How nature-based solutions can fight climate change, mitigate sea-level rise

How nature-based solutions can fight climate change, mitigate sea-level rise

Professor Koh Lian Pin
Professor Koh Lian Pin heads the Centre for Nature-based Climate Solutions at the National University of Singapore. (Photo courtesy of Koh Lian Pin) 

SINGAPORE: Planting mangrove forests to complement sea walls could slow the tide when it comes to rising sea levels - this is one example of a nature-based solution that Singapore can adopt to deal with the effects of climate change.

And compared to stone and concrete, mangroves would provide more than coastal protection by conserving biodiversity and helping to reduce carbon emissions.

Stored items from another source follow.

Lemma sum_mul_delta (V : pzRingType) (b : nat -> V) (m n : nat) :
  \sum_(k < m) b k * ((k == n :> nat)%:R) = trunc_seq m b n.
Proof.
under eq_bigr do rewrite mulr_natr mulrb.
by rewrite -big_mkcond big_ord1_eq.
Qed.

Section SequenceNorms.
Variable R : realType.
Local Notation nc := (@Normc.normc R).
Implicit Types (u w b : nat -> R[i]) (v : nat -> R).

Lemma normc_ge0 (z : R[i]) : 0 <= nc z.
Proof. by case: z => a b; exact: sqrtr_ge0. Qed.

Lemma normc_cvg0_le w e : (fun n => nc (w n)) @ \oo --> 0 -> 0 < e ->
  exists N, forall n, (N <= n)%N -> nc (w n) <= e.
Proof.
move=> /cvgr0Pnorm_le /(_ e) hw /hw [N _ hN].
by exists N => n /hN; rewrite ger0_norm ?normc_ge0.
Qed.

Lemma le_cvg0 v c : v @ \oo --> 0 -> (\forall n \near \oo, c <= v n) -> c <= 0.
Proof. by move=> hv /(limr_ge (cvgP _ hv)); rewrite (cvg_lim _ hv). Qed.

Lemma normc_le_cvg0 (z : R[i]) v : v @ \oo --> 0 ->
  (\forall n \near \oo, nc z <= v n) -> z = 0.
Proof.
move=> hv hz; apply: Normc.eq0_normc; apply/eqP.
by rewrite eq_le normc_ge0 andbT (le_cvg0 hv hz).
Qed.

Definition sup_normc u : R := sup (range (fun n => nc (u n))).

(* [sup] of an unbounded set is a junk value, hence the bound on a tail of [u]. *)
Lemma normc_le_sup_normc u N C k :
  (forall n, (N <= n)%N -> nc (u n) <= C) -> nc (u k) <= sup_normc u.
Proof.
move=> hC; apply: ub_le_sup; last by exists k.
exists (C + \sum_(j < N) nc (u j)) => _ [n _ <-].
have sum_ge0 : 0 <= \sum_(j < N) nc (u j) by apply: sumr_ge0 => j _; exact: normc_ge0.
case: (leqP N n) => [/hC leC|ltnN]; first by rewrite ler_wpDr.
have C_ge0 : 0 <= C := le_trans (normc_ge0 _) (hC N (leqnn N)).
rewrite ler_wpDl // (bigD1 (Ordinal ltnN)) //= ler_wpDr //.
by apply: sumr_ge0 => j _; exact: normc_ge0.
Qed.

Mangrove forests, which once lined much of Singapore’s coastline, are able to store carbon more efficiently than other ecosystems such as tropical rainforests.

“I think in Singapore, the focus has traditionally been on human-engineered solutions - sea walls and breakers and so on. I think there is also scope to use mangroves or sea grasses and other natural coastal habitats to help with reducing the erosion effects,” said Professor Koh Lian Pin, who heads the new Centre for Nature-based Climate Solutions at the National University of Singapore (NUS).

Mangrove at Sungei Buloh
Mangroves at Sungei Buloh Wetland Reserve. (Photo: NParks Facebook)

Nature-based solutions include protecting natural ecosystems, restoring them and improving the management of agricultural lands to reduce greenhouse gas emissions that result from deforestation.

“We want to remove emissions from the atmosphere, by making use of the forest’s natural ability to convert carbon dioxide into organic carbon that will be stored in the biomass above ground as well as in the soil below ground,” said Prof Koh.

However, he added that these solutions may not be suitable everywhere as that depends on many factors. In the case of planting mangroves, factors include where the coastline is, the waves, weather events and more.

READ: How Singapore's mangroves can contribute in the battle against climate change

Such complications are part of what he and his colleagues study in order to inform the strategies, policies and actions on climate change in Singapore and the region. 

A prominent researcher in the field of sustainability and environmental science, Prof Koh has worked in institutions across Switzerland, Australia and the United States over the last 16 years.

He is the sixth Singaporean scientist who returned under the National Research Foundation’s Returning Singaporean Scientists Scheme to lead research in areas important to the country. 

The Centre for Nature-based Climate Solutions was announced by NUS in March and is due to officially open by the end of the year, but it has already been active, publishing one research study in August and another one soon.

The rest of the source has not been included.